→ **The task**
In the entries below, count every line that has the string "psdD", and answer with that count alone.

→ **Information supplied**

● ● ● ●

(* Let $n\ge 2$ and let $F:(\mathcal{M}^n)^n\to\mathbb{R}$ be a nonnegative function which is additive in each variable and which vanishes whenever two of its arguments are proportional matrices of rank one. Define $G:(\mathcal{E}^n)^n\to\mathbb{R}$ by $G(E_1,\dots,E_n)=F(A_{E_1},\dots,A_{E_n})$. Let $S,T_1,T_2\subset\mathbb{R}^n$ be nondegenerate centered segments satisfying $T_1+\mathbb{R}S=T_2+\mathbb{R}S$. Then $G(T_1,S,E_1,\dots,E_{n-2})=G(T_2,S,E_1,\dots,E_{n-2})$ for all $E_1,\dots,E_{n-2}\in\mathcal{E}^n$. The same holds when the roles of the first two arguments are played by any two other arguments, in any order (i.e. $T_i$ placed in position $p$, $S$ in position $q\ne p$, and arbitrary centered ellipsoids in the remaining positions).
   Context: $\mathcal{M}^n$ is the set of real symmetric positive semidefinite $n\times n$ matrices; ''additive in each variable'' means $F(\dots,A+A',\dots)=F(\dots,A,\dots)+F(\dots,A',\dots)$ in each argument with the others fixed. A centered ellipsoid is a set $TB^n$ where $B^n$ is the Euclidean unit ball of $\mathbb{R}^n$ and $T:\mathbb{R}^n\to\mathbb{R}^n$ is any linear map (possibly degenerate); $\mathcal{E}^n$ is the set of centered ellipsoids (this includes centered segments $[-x,x]$ and $\{0\}$). For $E\in\mathcal{E}^n$, $A_E\in\mathcal{M}^n$ is the unique matrix with $h(E,u)^2=\langle u,A_Eu\rangle$ for all $u\in\mathbb{R}^n$, where $h(E,u)=\max_{x\in E}\langle x,u\rangle$ is the support function (if $E=TB^n$ then $A_E=TT^*$). For a set $S$, $\mathbb{R}S=\{\lambda x:\lambda\in\mathbb{R},x\in S\}$, and $+$ denotes Minkowski addition. A centered segment is nondegenerate if it has positive length. *)

From HB Require Import structures.
From mathcomp Require Import all_boot all_order all_algebra.
From mathcomp Require Import classical_sets boolp reals.
Set Implicit Arguments. Unset Strict Implicit. Unset Printing Implicit Defensive.
Import Order.TTheory GRing.Theory Num.Theory.
Local Open Scope classical_set_scope.
Local Open Scope ring_scope.

Section Defs.
Variables (R : realType) (n : nat).

Definition ip (x y : 'rV[R]_n) : R := (x *m y^T) 0 0.

Definition psd (A : 'M[R]_n) : Prop :=
  A^T = A /\ forall u : 'rV[R]_n, 0 <= ip u (u *m A).

Definition unit_ball : set 'rV[R]_n := [set x | ip x x <= 1].

(* centered ellipsoids: T B^n for an arbitrary (possibly degenerate) linear map T
   (x |-> x *m T in the row-vector convention) *)
Definition is_cellipsoid (E : set 'rV[R]_n) : Prop :=
  exists T : 'M[R]_n, E = [set x *m T | x in unit_ball].

Definition cseg (x : 'rV[R]_n) : set 'rV[R]_n :=
  [set t *: x | t in [set t : R | -1 <= t <= 1]].

Definition supp (E : set 'rV[R]_n) (u : 'rV[R]_n) : R :=
  sup [set ip x u | x in E].

Definition AE (E : set 'rV[R]_n) : 'M[R]_n :=
  xget 0 [set A | psd A /\ forall u, supp E u ^+ 2 = ip u (u *m A)].

Definition msum (A B : set 'rV[R]_n) : set 'rV[R]_n :=
  [set a + b | a in A & b in B].
Definition rline (S : set 'rV[R]_n) : set 'rV[R]_n :=
  [set l *: x | l in [set: R] & x in S].

Definition setat (T : Type) (f : 'I_n -> T) (i : 'I_n) (y : T) : 'I_n -> T :=
  fun j => if j == i then y else f j.

Definition all_psd (A : 'I_n -> 'M[R]_n) := forall i, psd (A i).

Definition F_nonneg (F : ('I_n -> 'M[R]_n) -> R) : Prop :=
  forall A, all_psd A -> 0 <= F A.

Definition F_multiadditive (F : ('I_n -> 'M[R]_n) -> R) : Prop :=
  forall A i (B : 'M[R]_n), all_psd A -> psd B ->
    F (setat A i (A i + B)) = F A + F (setat A i B).

Definition F_vanish_prop_rank1 (F : ('I_n -> 'M[R]_n) -> R) : Prop :=
  forall A (i j : 'I_n), all_psd A -> i != j ->
    \rank (A i) = 1%N -> \rank (A j) = 1%N -> (exists c : R, A j = c *: A i) ->
    F A = 0.

Definition G (F : ('I_n -> 'M[R]_n) -> R) (E : 'I_n -> set 'rV[R]_n) : R :=
  F (fun i => AE (E i)).

End Defs.

From HB Require Import structures.
From mathcomp Require Import all_boot all_order all_algebra.
From mathcomp Require Import classical_sets boolp reals.
From mathcomp Require Import ring lra.
Import Order.TTheory GRing.Theory Num.Theory.
Local Open Scope classical_set_scope.
Local Open Scope ring_scope.

(* A_[-t,t] is the rank-one matrix t^T t, so every statement about G at a
   segment becomes one about F at such a matrix.  Fix all slots except p, put
   s^T s in slot q, and let f(x) be F evaluated with (t + x s)^T (t + x s) in
   slot p.  The parallelogram law for u |-> u^T u, additivity in slot p, and
   the vanishing of F on the proportional pair (s^T s, s^T s) give
   f(x+h) + f(x-h) = 2 f(x); a nonnegative solution of this Jensen equation on
   R is constant.  Finally T_1 + RS = T_2 + RS forces t_2 = ±(t_1 + l s) when
   t_1 is not parallel to s, and t_1, t_2 both parallel to s otherwise. *)

Section JensenEquation.
Context {V : zmodType} {R : archiRealFieldType} {f : V -> R}.
Hypothesis f_mid : forall x h, f (x + h) + f (x - h) = f x + f x.

Lemma jensen_natmul (m : V) (k : nat) : f (m *+ k) = f 0 + k%:R * (f m - f 0).
Proof.
suff [] : f (m *+ k) = f 0 + k%:R * (f m - f 0) /\
          f (m *+ k.+1) = f 0 + k.+1%:R * (f m - f 0) by [].
elim: k => [|k [IHk IHk1]]; first by rewrite mulr0n mul0r addr0 mul1r addrC subrK.
split=> //.
have := f_mid (m *+ k.+1) m.
rewrite IHk1 -mulrSr (mulrSr m k) addrK IHk => mid.
have -> : f (m *+ k.+2) = f 0 + k.+1%:R * (f m - f 0) + (f 0 + k.+1%:R * (f m - f 0))
                          - (f 0 + k%:R * (f m - f 0)) by rewrite -mid addrK.
rewrite -[k.+2]addn1 -[k.+1]addn1 !natrD; ring.
Qed.

Lemma jensen_const_of_ge0 : (forall x, 0 <= f x) -> forall m, f m = f 0.
Proof.
move=> f_ge0 m; set d := f m - f 0.
have fN : f (- m) - f 0 = - d by have := f_mid 0 m; rewrite add0r sub0r /d; lra.
have bound k : 0 <= f 0 - k%:R * `|d|.
  case: (lerP 0 d) => [d_ge0 | d_lt0].
    by have := f_ge0 ((- m) *+ k); rewrite jensen_natmul fN ger0_norm // mulrN.
  by have := f_ge0 (m *+ k); rewrite jensen_natmul ltr0_norm // mulrN opprK.
apply/eqP; rewrite -subr_eq0 -/d -normr_eq0; apply/negPn/negP => d_neq0.
have d_gt0 : 0 < `|d| by rewrite normr_gt0 -normr_eq0.
have := archi_boundP (divr_ge0 (f_ge0 0) (ltW d_gt0)).
rewrite ltr_pdivrMr // => lt_bound.
by have := bound (Num.bound (f 0 / `|d|)); rewrite subr_ge0 leNgt lt_bound.
Qed.

End JensenEquation.

Section RankOneMatrices.
Context {R : realType} {n : nat}.
Implicit Types (x y u v : 'rV[R]_n) (A B D : 'M[R]_n).

Definition outer x : 'M[R]_n := x^T *m x.

Lemma ipC x y : ip x y = ip y x.
Proof. by rewrite /ip -[x *m _]trmxK trmx_mul trmxK mxE. Qed.

Lemma ipDr x y z : ip x (y + z) = ip x y + ip x z.
Proof. by rewrite /ip linearD /= mulmxDr mxE. Qed.

Lemma ipBr x y z : ip x (y - z) = ip x y - ip x z.
Proof. by rewrite /ip raddfB /= mulmxBr !mxE. Qed.

Lemma ipDl x y z : ip (x + y) z = ip x z + ip y z.
Proof. by rewrite ipC ipDr !(ipC z). Qed.

Lemma ipZl c x y : ip (c *: x) y = c * ip x y.
Proof. by rewrite /ip -scalemxAl [in LHS]mxE. Qed.

Lemma ip_sym_mulmx D u v : D^T = D -> ip u (v *m D) = ip v (u *m D).
Proof. by move=> symD; rewrite ipC /ip !trmx_mul symD !mulmxA. Qed.

Lemma sym_quadratic_form_eq0 D :
  D^T = D -> (forall u, ip u (u *m D) = 0) -> D = 0.
Proof.
move=> symD qD0; have bilD0 u v : ip u (v *m D) = 0.
  have := qD0 (u + v); rewrite mulmxDl ipDl !ipDr !qD0 add0r addr0.
  by rewrite (ip_sym_mulmx _ v) // -mulr2n => /eqP; rewrite mulrn_eq0 => /eqP.
apply/matrixP => i j; have := bilD0 (delta_mx 0 j) (delta_mx 0 i).
by rewrite /ip -!rowE !mxE.
Qed.

Lemma sym_eq_of_quadratic_form A B : A^T = A -> B^T = B ->
  (forall u, ip u (u *m A) = ip u (u *m B)) -> A = B.
Proof.
move=> symA symB qAB; apply/eqP; rewrite -subr_eq0; apply/eqP.
apply: sym_quadratic_form_eq0; first by rewrite linearB /= symA symB.
by move=> u; rewrite mulmxBr ipBr qAB subrr.
Qed.

Lemma outer_quadratic_form x u : ip u (u *m outer x) = ip x u ^+ 2.
Proof.
rewrite /ip /outer !trmx_mul trmxK !mulmxA -mulmxA.
rewrite [u *m _]mx11_scalar [x *m _]mx11_scalar -scalar_mxM mxE eqxx mulr1n.
rewrite [_%:M 0 0]mxE eqxx mulr1n.
by change (ip u x * ip x u = ip x u ^+ 2); rewrite ipC expr2.
Qed.

Lemma psd0 : psd (0 : 'M[R]_n).
Proof. by split=> [|u]; rewrite ?trmx0 // mulmx0 /ip trmx0 mulmx0 mxE. Qed.

Lemma psdD A B : psd A -> psd B -> psd (A + B).
Proof.
move=> [symA A_ge0] [symB B_ge0]; split; first by rewrite linearD /= symA symB.
by move=> u; rewrite mulmxDr ipDr addr_ge0.
Qed.

Lemma psd_outer x : psd (outer x).
Proof.
split=> [|u]; first by rewrite /outer trmx_mul trmxK.
by rewrite outer_quadratic_form sqr_ge0.
Qed.

Lemma outerZ c x : outer (c *: x) = c ^+ 2 *: outer x.
Proof. by rewrite /outer !linearZ /= -scalemxAl scalerA -expr2. Qed.

Lemma outer_parallelogram x y :
  outer (x + y) + outer (x - y) = (outer x + outer x) + (outer y + outer y).
Proof.
rewrite /outer [(x + y)^T]raddfD [(x - y)^T]raddfB /=.
rewrite !(mulmxDr, mulmxDl, mulmxN, mulNmx) opprK.
set a := x^T *m x; set b := y^T *m x; set c := x^T *m y.
by rewrite addrACA [a + b + _]addrACA [c + _ + _]addrACA subrr addrN addr0 add0r.
Qed.

Lemma rank_outer x : x != 0 -> \rank (outer x) = 1%N.
Proof.
move=> x_neq0; apply/eqP.
rewrite eqn_leq (leq_trans (mxrankM_maxl _ _)) ?rank_leq_col //.
rewrite lt0n mxrank_eq0; apply: contra x_neq0 => /eqP outer0.
apply/eqP/rowP => i; have := congr1 (fun M : 'M[R]_n => M i i) outer0.
by rewrite /outer !mxE big_ord1 !mxE => /eqP; rewrite mulf_eq0 orbb => /eqP.
Qed.

End RankOneMatrices.

Section Segments.
Context {R : realType} {n : nat}.
Implicit Types (x y s u : 'rV[R]_n).

Lemma supp_cseg x u : supp (cseg x) u = `|ip x u|.
Proof.
rewrite /supp; set S := [set ip y u | y in cseg x].
have ubS : ubound S `|ip x u|.
  move=> _ [_ [t /andP[t_geN1 t_le1] <-] <-]; rewrite ipZl.
  by rewrite (le_trans (ler_norm _)) // normrM ler_piMl // ler_norml t_geN1.
set e : R := if 0 <= ip x u then 1 else -1.
have S_norm : S `|ip x u|.
  exists (e *: x); first by exists e => //; rewrite /e; case: ifP => _ /=; lra.
  rewrite ipZl /e; case: ifPn => [? | ]; first by rewrite mul1r ger0_norm.
  by rewrite -ltNge => ?; rewrite mulN1r ltr0_norm.
apply/eqP; rewrite eq_le ge_sup //=; last by exists `|ip x u|.
by apply: ub_le_sup => //; exists `|ip x u|.
Qed.

Lemma AE_cseg x : AE (cseg x) = outer x.
Proof.
have quad_outer u : supp (cseg x) u ^+ 2 = ip u (u *m outer x).
  by rewrite supp_cseg outer_quadratic_form real_normK ?num_real.
rewrite /AE; case: xgetP => [A _ [[symA _] quadA] | ]; last first.
  by move=> /(_ (outer x)) []; split; [exact: psd_outer | exact: quad_outer].
apply: sym_eq_of_quadratic_form => // [|u]; first by case: (psd_outer x).
by rewrite -quadA quad_outer.
Qed.

Lemma AE_psd (E : set 'rV[R]_n) : psd (AE E).
Proof. by rewrite /AE; case: xgetP => [A _ [] | _]; last exact: psd0. Qed.

Lemma cseg_slab_mem {x y s} :
  msum (cseg x) (rline (cseg s)) = msum (cseg y) (rline (cseg s)) ->
  exists a l, -1 <= a <= 1 /\ y = a *: x + l *: s.
Proof.
have cseg_self z : cseg z z by exists 1; rewrite ?scale1r //=; lra.
move=> slab_eq; have : msum (cseg y) (rline (cseg s)) y.
  exists y => //; exists 0; rewrite ?addr0 //.
  by exists 0 => //; exists s; rewrite ?scale0r.
rewrite -slab_eq => -[_ [a a_bd <-]] [_ [l _ [_ [b _ <-]] <-]] <-.
by exists a, (l * b); rewrite scalerA.
Qed.

Lemma cseg_slab_eq_cases {t1 t2 s} :
  msum (cseg t1) (rline (cseg s)) = msum (cseg t2) (rline (cseg s)) ->
  ((exists c, t1 = c *: s) /\ (exists c, t2 = c *: s)) \/
  exists a l, a ^+ 2 = 1 /\ t2 = a *: (t1 + l *: s).
Proof.
move=> slab_eq.
have [a [l [/andP[a_geN1 a_le1] t2E]]] := cseg_slab_mem slab_eq.
have [b [m [/andP[b_geN1 b_le1] t1E]]] := cseg_slab_mem (esym slab_eq).
have [[c t1_par] | t1_npar] := pselect (exists c, t1 = c *: s).
  left; split; first by exists c.
  by exists (a * c + l); rewrite t2E t1_par scalerA scalerDl.
right; have ba1 : b * a = 1.
  have [//|ba_neq1] := eqVneq (b * a) 1; case: t1_npar.
  have ba_neq1' : 1 - b * a != 0 by rewrite subr_eq0 eq_sym.
  exists ((1 - b * a)^-1 * (b * l + m)); rewrite -scalerA.
  have -> : (b * l + m) *: s = (1 - b * a) *: t1.
    have t1_eq : t1 = (b * a) *: t1 + (b * l + m) *: s.
      by rewrite {1}t1E t2E scalerDr !scalerA -addrA -scalerDl.
    by rewrite scalerBl scale1r {1}t1_eq addrAC subrr add0r.
  by rewrite scalerA mulVf // scale1r.
have a2 : a ^+ 2 = 1 by rewrite expr2; have [] := lerP 0 a; nra.
exists a, (l * a); split=> //.
by rewrite t2E scalerDr !scalerA mulrCA -expr2 a2 mulr1.
Qed.

End Segments.

Lemma setat_id (n : nat) (T : Type) (f : 'I_n -> T) i y : setat f i y i = y.
Proof. by rewrite /setat eqxx. Qed.

Lemma setat_ne (n : nat) (T : Type) (f : 'I_n -> T) i j y :
  j != i -> setat f i y j = f j.
Proof. by rewrite /setat => /negbTE ->. Qed.

Lemma setat_setat (n : nat) (T : Type) (f : 'I_n -> T) i y z :
  setat (setat f i y) i z = setat f i z.
Proof. by apply: funext => j; rewrite /setat; case: (j == i). Qed.

Lemma all_psd_setat {R : realType} {n : nat} {C : 'I_n -> 'M[R]_n} {p X} :
  all_psd C -> psd X -> all_psd (setat C p X).
Proof. by move=> psdC psdX j; rewrite /setat; case: ifP. Qed.

Section SlotFunction.
Context {R : realType} {n : nat} {F : ('I_n -> 'M[R]_n) -> R}.
Hypotheses (Fnn : F_nonneg F) (Fadd : F_multiadditive F)
  (Fvan : F_vanish_prop_rank1 F).
Context {C : 'I_n -> 'M[R]_n} {p q : 'I_n} {s : 'rV[R]_n}.
Hypotheses (psdC : all_psd C) (pq : p != q) (s_neq0 : s != 0)
  (Cq : C q = outer s).

Lemma F_setatD {X Y : 'M[R]_n} : psd X -> psd Y ->
  F (setat C p (X + Y)) = F (setat C p X) + F (setat C p Y).
Proof.
move=> psdX psdY; have := Fadd (setat C p X) p Y (all_psd_setat psdC psdX) psdY.
by rewrite setat_id !setat_setat.
Qed.

Lemma F_setat0 : F (setat C p 0) = 0.
Proof. by have := F_setatD psd0 psd0; rewrite addr0; lra. Qed.

Lemma F_outer_parallel c : F (setat C p (outer (c *: s))) = 0.
Proof.
have [-> | c_neq0] := eqVneq c 0.
  by rewrite outerZ expr2 mul0r scale0r F_setat0.
have cs_neq0 : c *: s != 0 by rewrite scaler_eq0 negb_or c_neq0.
apply: (Fvan _ q p); rewrite 1?eq_sym //.
- exact: all_psd_setat (psd_outer _).
- by rewrite setat_ne 1?eq_sym // Cq rank_outer.
- by rewrite setat_id rank_outer.
- by exists (c ^+ 2); rewrite setat_id setat_ne 1?eq_sym // Cq outerZ.
Qed.

Lemma F_outer_translate (t : 'rV[R]_n) x :
  F (setat C p (outer (t + x *: s))) = F (setat C p (outer t)).
Proof.
pose f y := F (setat C p (outer (t + y *: s))).
have f_mid y h : f (y + h) + f (y - h) = f y + f y.
  have psd_outer2 (z : 'rV[R]_n) : psd (outer z + outer z).
    by apply: psdD; apply: psd_outer.
  rewrite /f scalerDl scalerBl !addrA -(F_setatD (psd_outer _) (psd_outer _)).
  rewrite outer_parallelogram (F_setatD (psd_outer2 _) (psd_outer2 _)).
  rewrite !(F_setatD (psd_outer _) (psd_outer _)) F_outer_parallel.
  by rewrite !addr0.
have f_ge0 y : 0 <= f y by apply: Fnn; apply: all_psd_setat psdC (psd_outer _).
have := jensen_const_of_ge0 f_mid f_ge0 x.
by rewrite /f scale0r addr0.
Qed.

End SlotFunction.

Theorem lemma4 (R : realType) (n : nat) (hn : (2 <= n)%N)
  (F : ('I_n -> 'M[R]_n) -> R)
  (Fnn : F_nonneg F) (Fadd : F_multiadditive F) (Fvan : F_vanish_prop_rank1 F)
  (s t1 t2 : 'rV[R]_n) (hs : s != 0) (ht1 : t1 != 0) (ht2 : t2 != 0)
  (hT : msum (cseg t1) (rline (cseg s)) = msum (cseg t2) (rline (cseg s))) :
  forall (p q : 'I_n), p != q ->
  forall E : 'I_n -> set 'rV[R]_n, (forall i, is_cellipsoid (E i)) ->
    G F (setat (setat E q (cseg s)) p (cseg t1))
    = G F (setat (setat E q (cseg s)) p (cseg t2)).
Proof.
move=> p q pq E _.
set C := setat (fun i => AE (E i)) q (outer s).
have psdC : all_psd C by apply: all_psd_setat (psd_outer _) => i; exact: AE_psd.
have Cq : C q = outer s by rewrite /C setat_id.
have G_cseg t : G F (setat (setat E q (cseg s)) p (cseg t)) = F (setat C p (outer t)).
  congr F; apply: funext => i; rewrite /C /setat.
  by case: (i == p); last case: (i == q); rewrite ?AE_cseg.
rewrite !G_cseg; case: (cseg_slab_eq_cases hT) => [[[c1 ->] [c2 ->]] | [a [l [a2 ->]]]].
  by rewrite !(F_outer_parallel Fadd Fvan psdC pq hs Cq).
by rewrite outerZ a2 scale1r (F_outer_translate Fnn Fadd Fvan psdC pq hs Cq).
Qed.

● ● ● ●

→ **Result of this exercise**
2